(* Let $d\ge 1$ and $n\ge 1$ be integers, let $R=\mathbb{Q}[a_{i,j}:1\le i,j\le n]$, and fix $i,j,l\in\{1,\dots,n\}$ (not necessarily distinct). Then \[ z(\mathrm{fern}_{d,n},\mu(i,j,l))=(B^n)_{i,j}, \] where $B$ is the $n\times n$ matrix over $R$ with entries $B_{u,v}=a_{u,v}\,a_{u,l}^{\,d-1}$.
   Context: $\mathrm{fern}_{d,n}$ is the rooted plane tree with a path $v_0,v_1,\dots,v_n$ where $v_0$ is the root, each of $v_0,\dots,v_{n-1}$ has exactly $d$ children of which the leftmost is $v_{k+1}$ and the other $d-1$ are leaves, and $v_n$ is a leaf (so it has $n$ vertices with $d$ children, each such vertex has at most one non-leaf child, and that child is leftmost). A labeling of a rooted plane tree $T$ is a map $\lambda\colon V(T)\to\{1,\dots,n\}$; for an edge $e$ from parent $v$ to child $u$ put $w(e,\lambda)=a_{\lambda(v),\lambda(u)}$ and $w(T,\lambda)=\prod_{e}w(e,\lambda)$. A root-leaf labeling is a map $\mu$ from the set consisting of the root and the leaves of $T$ to $\{1,\dots,n\}$, and $z(T,\mu)=\sum_{\lambda}w(T,\lambda)$, the sum over all labelings $\lambda$ of $T$ agreeing with $\mu$ on the root and leaves. $\mu(i,j,l)$ is the root-leaf labeling of $\mathrm{fern}_{d,n}$ that labels the root $i$, the leaf $v_n$ by $j$, and every other leaf by $l$. *)

From HB Require Import structures.
From mathcomp Require Import all_boot all_order all_algebra.
From mathcomp Require Export mpoly.
Set Implicit Arguments.
Unset Strict Implicit.
Unset Printing Implicit Defensive.
Import GRing.Theory.
Local Open Scope ring_scope.

Inductive ptree := Node of seq ptree.

(* Vertices are addresses: the root is [::]; the k-th child (0-based,
   left to right) of the vertex with address p has address rcons p k. *)
Fixpoint vertices (t : ptree) : seq (seq nat) :=
  let: Node cs := t in
  [::] :: (fix aux (k : nat) (cs : seq ptree) : seq (seq nat) :=
             match cs with
             | [::] => [::]
             | c :: cs' => map (cons k) (vertices c) ++ aux k.+1 cs'
             end) 0%N cs.

Definition vtx (t : ptree) := seq_sub (vertices t).

Definition is_child (v u : seq nat) : bool :=
  (size u == (size v).+1) && (take (size v) u == v).

Definition is_root (t : ptree) (v : vtx t) : bool := val v == [::].
Definition is_leaf (t : ptree) (v : vtx t) : bool :=
  [forall u : vtx t, ~~ is_child (val v) (val u)].

Definition weight {R : comPzRingType} (n : nat) (a : 'I_n -> 'I_n -> R)
    (t : ptree) (lam : {ffun vtx t -> 'I_n}) : R :=
  \prod_(v : vtx t) \prod_(u : vtx t | is_child (val v) (val u)) a (lam v) (lam u).

(* A root-leaf labeling mu is given as a map on addresses; only its values on
   the root and the leaves of t are used.
   z(T, mu) = sum over labelings lambda agreeing with mu on root and leaves. *)
Definition zsum {R : comPzRingType} (n : nat) (a : 'I_n -> 'I_n -> R)
    (t : ptree) (mu : seq nat -> 'I_n) : R :=
  \sum_(lam : {ffun vtx t -> 'I_n} |
          [forall v : vtx t, (is_root v || is_leaf v) ==> (lam v == mu (val v))])
     weight a lam.

(* fern_{d,k}: path v_0 ... v_k, each v_m (m < k) has d children, the leftmost
   being v_{m+1}, the other d-1 being leaves; v_k is a leaf. *)
Fixpoint fern (d k : nat) : ptree :=
  match k with
  | 0 => Node [::]
  | k'.+1 => Node (fern d k' :: nseq d.-1 (Node [::]))
  end.

(* mu(i,j,l) on fern_{d,n}: root -> i, leaf v_n (address nseq n 0) -> j,
   every other leaf -> l. *)
Definition mu_fern (n : nat) (i j l : 'I_n) (p : seq nat) : 'I_n :=
  if p == [::] then i else if p == nseq n 0%N then j else l.

Definition avar (n : nat) (u v : 'I_n) : {mpoly rat[n * n]} :=
  'X_(mxvec_index u v).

---

## PROMPT
Repeat the data above starting at the line with "0 => Node [::]" and ending at its last line, exactly, with no other lines.

## ANSWER TO THIS PROBLEM
  | 0 => Node [::]
  | k'.+1 => Node (fern d k' :: nseq d.-1 (Node [::]))
  end.

(* mu(i,j,l) on fern_{d,n}: root -> i, leaf v_n (address nseq n 0) -> j,
   every other leaf -> l. *)
Definition mu_fern (n : nat) (i j l : 'I_n) (p : seq nat) : 'I_n :=
  if p == [::] then i else if p == nseq n 0%N then j else l.

Definition avar (n : nat) (u v : 'I_n) : {mpoly rat[n * n]} :=
  'X_(mxvec_index u v).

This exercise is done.